P. Gillich
P. Gillich

Reputation: 289

Compiler error with struct definition in header file

I keep getting a compiler issue when trying to use a struct I defined in a header file.

I have two files: main.c:

     #include <stdio.h>
     #include <stdlib.h>
     #include "node.h"

     int main(){
         struct NODE node;
         node.data = 5;
         printf("%d\n", node.data);
         return 0;
     }

as well as node.h:

#ifndef NODE
#define NODE
    struct NODE{
        int data;
        struct NODE *next;
    };

#endif

I was writing a small program to practice some modular programming in C, but I've been getting the following compiler error:

node.h:5:21: error: expected ‘{’ before ‘*’ token
         struct NODE *next;
                     ^

I got the main.c to compile and do what I would like it to do when I define the struct directly in the file main.c, but for some reason it won't work if I place the definition in a header file and then try to include it in main.c.

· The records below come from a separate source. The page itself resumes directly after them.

Lemma measurable_usphere_perp (z : 'rV[R]_n) : measurable (usphere_perp z : set V).
Proof.
have -> : usphere_perp z = (fun x : V => dotv x x) @^-1` [set 1] `&`
                          (fun x : V => dotv x z) @^-1` [set 0] by [].
apply: measurableI; rewrite -[X in measurable X]setTI.
- by apply: measurable_sum => // i; apply: measurable_funM; exact: measurable_coord.
- exact: measurable_dotvl.
Qed.

End borel.

Section concentrated.
Context d (T : measurableType d) (R : realType).
Variables (mu : probability T R) (S : set T).
Hypotheses (mS : measurable S) (muS : mu (~` S) = 0%E).

Lemma ae_concentrated (P : T -> Prop) : (forall x, S x -> P x) -> {ae mu, forall x, P x}.
Proof.
move=> SP; exists (~` S); split; [exact: measurableC | exact: muS |].
by move=> x /= nPx Sx; exact/nPx/SP.
Qed.

Lemma integrable_bounded_on (g : T -> R) (M : R) : 0 <= M -> measurable_fun setT g ->
  (forall x, S x -> `|g x| <= M) -> mu.-integrable setT (EFin \o g).
Proof.
move=> M0 mg gM; apply/integrableP; split; first exact/measurable_EFinP.
apply: (@le_lt_trans _ _ (\int[mu]_x (cst M%:E) x)%E).
  apply: ae_ge0_le_integral => //.
  - by apply: measurableT_comp => //; exact/measurable_EFinP.
  - by apply: ae_concentrated => x Sx _; rewrite /= lee_fin gM.
by rewrite integral_cst // [X in (_ * X)%E]probability_setT mule1 ltry.
Qed.

Lemma eq_integral_on (g h : T -> \bar R) : measurable_fun setT g ->
  measurable_fun setT h -> (forall x, S x -> g x = h x) ->
  (\int[mu]_x g x = \int[mu]_x h x)%E.
Proof.
move=> mg mh gh; apply: ae_eq_integral => //.
by apply: ae_concentrated => x Sx _; rewrite gh.
Qed.

End concentrated.

Section lift.
Variables (R : realType) (d : nat) (z : 'rV[R]_d.+1).
Hypothesis z1 : dotv z z = 1.
Variable mu : probability (borelV R d.+1) R.
Hypothesis mu_perp : concentrated_on mu (usphere_perp z).
Local Notation V := (borelV R d.+1).
Local Notation S := (usphere_perp z : set V).

Let mS : measurable S := measurable_usphere_perp z.

Lemma integrable_dotvl y : mu.-integrable setT (fun x : V => (dotv x y)%:E).
Proof.
apply: (integrable_bounded_on mS mu_perp (M := \sum_(i < d.+1) `|y 0 i|)).
- by rewrite sumr_ge0.
- exact: measurable_dotvl.
- by move=> x [x1 _]; exact: unit_dotv_le.
Qed.

Lemma integrable_dotvl_sqr y : mu.-integrable setT (fun x : V => (dotv x y ^+ 2)%:E).
Proof.
apply: (integrable_bounded_on mS mu_perp (M := (\sum_(i < d.+1) `|y 0 i|) ^+ 2)).
- exact: sqr_ge0.
- by apply: measurable_funX; exact: measurable_dotvl.
- move=> x [x1 _]; rewrite normrX lerXn2r ?nnegrE ?sumr_ge0 //.
  exact: unit_dotv_le.
Qed.

Definition moment1 y := fine (\int[mu]_x (dotv x y)%:E)%E.
Definition moment2 y := fine (\int[mu]_x (dotv x y ^+ 2)%:E)%E.

Lemma moment1E y : (\int[mu]_x (dotv x y)%:E)%E = (moment1 y)%:E.
Proof. by rewrite fineK // integrable_fin_num // integrable_dotvl. Qed.

Lemma moment2E y : (\int[mu]_x (dotv x y ^+ 2)%:E)%E = (moment2 y)%:E.
Proof. by rewrite fineK // integrable_fin_num // integrable_dotvl_sqr. Qed.

Lemma moment1Z c y : moment1 (c *: y) = c * moment1 y.
Proof.
apply: EFin_inj; rewrite -moment1E EFinM -moment1E.
rewrite -(integralZl measurableT (integrable_dotvl y)).
by apply: eq_integral => x _; rewrite dotvZr EFinM.
Qed.

Lemma moment2Z c y : moment2 (c *: y) = c ^+ 2 * moment2 y.
Proof.
apply: EFin_inj; rewrite -moment2E EFinM -moment2E.
rewrite -(integralZl measurableT (integrable_dotvl_sqr y)).
by apply: eq_integral => x _; rewrite dotvZr exprMn EFinM.
Qed.

Lemma dotv_proj_perp_on x y : S x -> dotv x (y - dotv y z *: z) = dotv x y.
Proof. by move=> [_ xz]; rewrite !(dotvC x) dotvBl dotvZl (dotvC z) xz mulr0 subr0. Qed.

Lemma moment1_proj_perp y : moment1 (y - dotv y z *: z) = moment1 y.
Proof.
apply: EFin_inj; rewrite -!moment1E.
apply: (eq_integral_on mS mu_perp); try by apply/measurable_EFinP; exact: measurable_dotvl.
by move=> x Sx; rewrite dotv_proj_perp_on.
Qed.

Lemma moment2_proj_perp y : moment2 (y - dotv y z *: z) = moment2 y.
Proof.
apply: EFin_inj; rewrite -!moment2E.
apply: (eq_integral_on mS mu_perp);
  try by apply/measurable_EFinP/measurable_funX; exact: measurable_dotvl.
by move=> x Sx; rewrite dotv_proj_perp_on.
Qed.

Lemma balancedP : balanced mu <-> forall y, moment1 y = 0.
Proof.
split=> [bal y | m0 i]; last first.
  rewrite -[X in (X = _)%E](_ : (\int[mu]_x (dotv x (delta_mx 0 i))%:E)%E = _).
    by rewrite moment1E m0.
  by apply: eq_integral => x _; rewrite dotv_delta_mx.
have int_coord i : mu.-integrable setT (fun x : V => (x 0 i)%:E).
  apply: (integrable_bounded_on mS mu_perp (M := 1)) => //.
  - exact: measurable_coord.
  - by move=> x [x1 _]; exact: unit_coord_le1.
apply: EFin_inj; rewrite -moment1E.
under eq_integral do rewrite /dotv -sumEFin.
rewrite integral_sum //= => [|i].
- rewrite big1 // => i _; under eq_integral do rewrite EFinM.
  by rewrite integralZr // bal mul0e.
- under eq_fun do rewrite EFinM; exact: integrableZr.
Qed.

Local Notation alpha := (Num.sqrt (d%:R / d.+1%:R) : R).
Local Notation beta := ((Num.sqrt d.+1%:R)^-1 : R).

Lemma lift_moment2 y :
  (\int[lift_measure z mu]_x (dotv x y ^+ 2)%:E)%E =
  (alpha ^+ 2 * moment2 y + 2 * alpha * beta * dotv z y * moment1 y
   + beta ^+ 2 * dotv z y ^+ 2)%:E.
Proof.
rewrite ge0_integral_pushforward ?preimage_setT //=; first last.
- by move=> x _; rewrite lee_fin sqr_ge0.
- by apply/measurable_EFinP/measurable_funX; exact: measurable_dotvl.
- exact: measurable_liftf.
set t := dotv z y.
under eq_integral => x _.
  have -> : (dotv (liftf z x) y ^+ 2)%:E = ((alpha ^+ 2)%:E * (dotv x y ^+ 2)%:E
      + (2 * alpha * beta * t)%:E * (dotv x y)%:E + (beta ^+ 2 * t ^+ 2)%:E)%E.
    by rewrite /liftf dotvDl !dotvZl -/t -!EFinM -!EFinD; congr EFin; ring.
  over.
have int_sqr := integrableZl measurableT (alpha ^+ 2) (integrable_dotvl_sqr y).
have int_lin := integrableZl measurableT (2 * alpha * beta * t) (integrable_dotvl y).
rewrite integralD //; [|exact: integrableD|exact: finite_measure_integrable_cst].
rewrite integralD // !integralZl ?integrable_dotvl ?integrable_dotvl_sqr //.
rewrite moment1E moment2E integral_cst // [X in (_ + _ * X)%E]probability_setT.
by rewrite mule1 -!EFinM -!EFinD.
Qed.

Lemma moment2_perp_scale :
  (forall u, dotv u u = 1 -> dotv u z = 0 -> moment2 u = d%:R^-1) ->
  forall v, dotv v z = 0 -> moment2 v = dotv v v / d%:R.
Proof.
move=> m2u v vz; have [->|v0] := eqVneq v 0.
  have /eqP -> : dotv (0 : 'rV[R]_d.+1) 0 == 0 by rewrite dotv_eq0.
  by have := moment2Z 0 0; rewrite scale0r expr2 !mul0r.
have [u [u1 uz] ->] := dotv_normalize_perp vz v0.
by rewrite moment2Z m2u // dotvZl dotvZr u1 mulr1 -expr2.
Qed.

Lemma moment1_perp_scale :
  (forall u, dotv u u = 1 -> dotv u z = 0 -> moment1 u = 0) ->
  forall v, dotv v z = 0 -> moment1 v = 0.
Proof.
move=> m1u v vz; have [->|v0] := eqVneq v 0.
  by have := moment1Z 0 0; rewrite scale0r mul0r.
by have [u [u1 uz] ->] := dotv_normalize_perp vz v0; rewrite moment1Z m1u ?mulr0.
Qed.

Lemma isotropic_perpP : isotropic_perp d z mu <->
  forall v, dotv v z = 0 -> moment2 v = dotv v v / d%:R.
Proof.
split=> [iso | m2 u u1 uz]; last by rewrite moment2E m2 // u1 mul1r.
by apply: moment2_perp_scale => u u1 uz; apply: EFin_inj; rewrite -moment2E iso.
Qed.

Lemma alpha_sqr : alpha ^+ 2 = d%:R / d.+1%:R.
Proof. by rewrite sqr_sqrtr // divr_ge0. Qed.

Lemma beta_sqr : beta ^+ 2 = d.+1%:R^-1.
Proof. by rewrite exprVn sqr_sqrtr. Qed.

Hypothesis d_gt0 : (0 < d)%N.

Let d_neq0 : d%:R != 0 :> R. Proof. by rewrite pnatr_eq0 -lt0n. Qed.
Let d1_neq0 : d%:R + 1 != 0 :> R. Proof. by rewrite natr1 pnatr_eq0. Qed.

Lemma lift_isotropic :
  balanced mu -> isotropic_perp d z mu -> isotropic (lift_measure z mu).
Proof.
move=> /balancedP m1 /isotropic_perpP m2 y y1.
rewrite lift_moment2 m1 mulr0 addr0 -moment2_proj_perp m2 ?dotv_proj_perp //.
rewrite dotv_proj_perp_self // y1 alpha_sqr beta_sqr (dotvC z) -natr1.
by congr EFin; field; apply/andP.
Qed.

It's very frustrating, and I'm sure it's a minor thing, but could someone please tell me why this isn't working? From what I've been reading, I should be able to do this, no?

Thanks a lot!

Upvotes: 2

Views: 930

Answers (2)

Pierce Griffiths
Pierce Griffiths

Reputation: 753

The preprocessor is expanding NODE to nothing because you've defined it with a macro. Change your header file to look like this:

#ifndef NODE_H
#define NODE_H
    struct NODE{
        int data;
        struct NODE *next;
    };

#endif

Upvotes: 6

gnasher729
gnasher729

Reputation: 52538

You defined a macro NODE as nothing. From that point on, every NODE in your source code is replaced with nothing. So your header file is actually:

struct{
    int data;
    struct *next;
};

That should answer your question why changing the include guard from NODE to NODE_H fixes it.